I plan to stay in the arena and from my spot here I am going to start a rallying cry: We need a cure for these illnesses. We professionals and caregivers are exhausted. We don’t need any more platitudes or self-care. We need no more mental health ableism. We need true healing for our children and ourselves. We are in 2022 and we deserve that.
The science and research are moving forward, and we must turn to it and begin to search for true healing. Tom Insel, the former director of the National Institute of Mental Health, recently said: “One of the things that I struggled with was trying to understand this gap between our scientific progress and our public health failure. I think we’ve got to understand why it is that we’ve been able to do so well on the science [front] and so poorly on the delivery of care for the 14.2 million people with serious mental illness in this country” (NPR, 2022). I could not agree more and I would argue we seem to be moving backward.
I recently listened in as a young professional asked terrified caregivers if they were scared to have their child home after a massive suicide attempt.
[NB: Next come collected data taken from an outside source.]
(* A graph $G\in\mathcal{C}_{n,m}$ is Whitney-maximum if and only if it is strong.
   Context: $\mathcal{C}_{n,m}$ denotes the set of all connected simple graphs on $n$ vertices and $m$ edges. For a graph $G$ with vertex set $V$, $\kappa(G)$ is its number of connected components, $r(G)=|V|-\kappa(G)$, $c(G)=|E(G)|-|V|+\kappa(G)$. $\mathcal{S}(G)$ is the set of all spanning subgraphs of $G$. The Whitney polynomial is $W_G(x,y)=\sum_{H\in\mathcal{S}(G)}x^{r(G)-r(H)}y^{c(H)}$. A bivariate polynomial is nonnegative if all its coefficients are nonnegative real numbers. $N_i^{(k)}(G)$ is the number of spanning subgraphs of $G$ with exactly $i$ edges and at most $k$ connected components. A graph $G\in\mathcal{C}_{n,m}$ is strong if $N_i^{(k)}(G)\ge N_i^{(k)}(H)$ for all $H\in\mathcal{C}_{n,m}$, $i\in\{0,\ldots,m\}$, $k\in\{1,\ldots,n\}$. $G\in\mathcal{C}_{n,m}$ is Whitney-maximum if for every $H\in\mathcal{C}_{n,m}$ there is a nonnegative polynomial $Q_H$ with $W_G(x,y)-W_H(x,y)=(1-xy)Q_H(x,y)$. *)

From HB Require Import structures.
From mathcomp Require Import all_boot all_order all_algebra.
Set Implicit Arguments. Unset Strict Implicit. Unset Printing Implicit Defensive.
Import Order.TTheory GRing.Theory Num.Theory.

Definition edgeset (n : nat) := {set {set 'I_n}}.

Definition simple_graph n (E : edgeset n) : bool :=
  [forall e in E, #|e| == 2].

Definition adj n (F : edgeset n) : rel 'I_n := fun x y => [set x; y] \in F.

Definition kappa n (F : edgeset n) : nat :=
  #| [set [set y | connect (adj F) x y] | x : 'I_n] |.

Definition rk n (F : edgeset n) : nat := n - kappa F.
Definition crk n (F : edgeset n) : nat := (#|F| + kappa F) - n.

Definition Cnm (n m : nat) (E : edgeset n) : bool :=
  [&& simple_graph E, #|E| == m & kappa E == 1].

Local Open Scope ring_scope.

(* Bivariate polynomials: {poly {poly R}}, x is the outer variable 'X,
   y is the inner variable ('X)%:P. *)
Definition varx (R : nzRingType) : {poly {poly R}} := 'X.
Definition vary (R : nzRingType) : {poly {poly R}} := ('X)%:P.

Definition whitney (R : nzRingType) n (E : edgeset n) : {poly {poly R}} :=
  \sum_(F : edgeset n | F \subset E)
     varx R ^+ (rk E - rk F)%N * vary R ^+ crk F.

Definition nonneg_poly2 (R : realFieldType) (Q : {poly {poly R}}) : Prop :=
  forall i j : nat, 0 <= (Q`_i)`_j.

Definition whitney_maximum (R : realFieldType) n m (G : edgeset n) : Prop :=
  Cnm m G /\
  forall H : edgeset n, Cnm m H ->
    exists Q : {poly {poly R}}, nonneg_poly2 Q /\
      whitney R G - whitney R H = (1 - varx R * vary R) * Q.

Local Close Scope ring_scope.

Definition Nik n (E : edgeset n) (i k : nat) : nat :=
  #| [set F : edgeset n | [&& F \subset E, #|F| == i & kappa F <= k]] |.

Definition strong n m (G : edgeset n) : Prop :=
  Cnm m G /\
  forall H : edgeset n, Cnm m H ->
    forall i k : nat, i <= m -> 1 <= k <= n -> Nik H i k <= Nik G i k.

From HB Require Import structures.
From mathcomp Require Import all_boot all_order all_algebra.
From mathcomp Require Import zify ring.
Set Implicit Arguments. Unset Strict Implicit. Unset Printing Implicit Defensive.
Import Order.TTheory GRing.Theory Num.Theory.

(* For connected G the coefficient of x^p y^q in W_G counts the spanning
   subgraphs with exactly p+1 components and q+n-p-1 edges.  Collecting the
   cumulative counts into Q_G = sum_(p<n) sum_q N_(q+n-p-1)^(p+1)(G) x^p y^q,
   the product (1 - xy) Q_G telescopes (exactly k components = at most k
   minus at most k-1) back to W_G, up to a boundary term at p = n which only
   depends on n and m.  Hence W_G - W_H = (1 - xy)(Q_G - Q_H), the quotient
   is unique because 1 - xy is not a zero divisor, and the coefficients of
   Q_G - Q_H are exactly the differences N_i^(k)(G) - N_i^(k)(H). *)

Section Components.

Variable n : nat.
Implicit Types (E F : edgeset n) (x y z : 'I_n).

Definition component F z : {set 'I_n} := [set w | connect (adj F) z w].

Lemma kappaE F : kappa F = #|[set component F z | z : 'I_n]|.
Proof. by []. Qed.

Lemma adj_sym F : symmetric (adj F).
Proof. by move=> x y; rewrite /adj setUC. Qed.

Lemma connect_adjC F x y : connect (adj F) x y = connect (adj F) y x.
Proof. exact: (sym_connect_sym (@adj_sym F)). Qed.

Lemma eq_component F x y : connect (adj F) x y -> component F x = component F y.
Proof.
move=> cxy; apply/setP => w; rewrite !inE; apply/idP/idP => h.
- by apply: connect_trans h; rewrite connect_adjC.
- exact: connect_trans cxy h.
Qed.

Lemma kappa_le F : kappa F <= n.
Proof. by rewrite kappaE (leq_trans (leq_imset_card _ _)) // card_ord. Qed.

Lemma kappa_gt0 F : 0 < n -> 0 < kappa F.
Proof.
move=> n_gt0; rewrite kappaE; apply/card_gt0P.
by exists (component F (Ordinal n_gt0)); apply: imset_f.
Qed.

Lemma kappa_set0 : kappa (set0 : edgeset n) = n.
Proof.
have componentE z : component set0 z = [set z].
  apply/setP => w; rewrite !inE; apply/idP/idP.
  - by case/connectP => [[|a p]] /=; [move=> _ -> | rewrite /adj inE].
  - by move/eqP <-; rewrite connect0.
by rewrite kappaE (eq_imset _ componentE) card_imset ?card_ord //; apply: set1_inj.
Qed.

Lemma connect_setD1_edge F x y u v :
  let F' := F :\ [set x; y] in
  connect (adj F) u v ->
  connect (adj F') u v \/
  (connect (adj F') u x || connect (adj F') u y) &&
  (connect (adj F') v x || connect (adj F') v y).
Proof.
move=> F' /connectP [p pth ->] {v}.
elim: p u pth => [|w p IH] u /=; first by left.
case/andP=> huw /IH {}IH.
have [h|e] : adj F' u w \/ [set u; w] = [set x; y].
  move: huw; rewrite /adj /F' in_setD1 => ->; rewrite andbT.
  by case: eqP; [right | left].
- case: IH => [c|/andP [c1 c2]]; [left | right].
  + exact: connect_trans (connect1 h) c.
  + rewrite c2 andbT; case/orP: c1 => c1.
    * by rewrite (connect_trans (connect1 h) c1).
    * by rewrite (connect_trans (connect1 h) c1) orbT.
- have hu : u \in [set x; y] by rewrite -e set21.
  have hw : w \in [set x; y] by rewrite -e set22.
  right; apply/andP; split.
  + by move: hu; rewrite !inE => /orP [] /eqP ->; rewrite connect0 ?orbT.
  + case: IH => [c|/andP [_ c2] //].
    by move: hw; rewrite !inE => /orP [] /eqP hw; subst w;
      rewrite !(connect_adjC _ (last _ _)) c ?orbT.
Qed.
That professional went on to share that caregivers should know their child may always want to die and have thoughts of dying. Having been in a very similar place at one time, I am crying out from the floor of the arena: enough! We would never do that with any other illness. Ever. We would seek a cure at any cost, not explain to a terrified parent they simply had to accept death as a possibility. And not just any death, a death at their child’s own hands.
We deserve better. Our children deserve better. A cure will not be easy to come by, but more than likely challenging to find and needing everyone involved, with all tools that we have gathered over time (medication, therapy, science, research) to ensure children are not relegated to lifetimes of symptom management and possible death. The time is now to unite our voices from that arena floor, stand together to support caregivers in caring for their sick children, start the path to healing, and find a cure.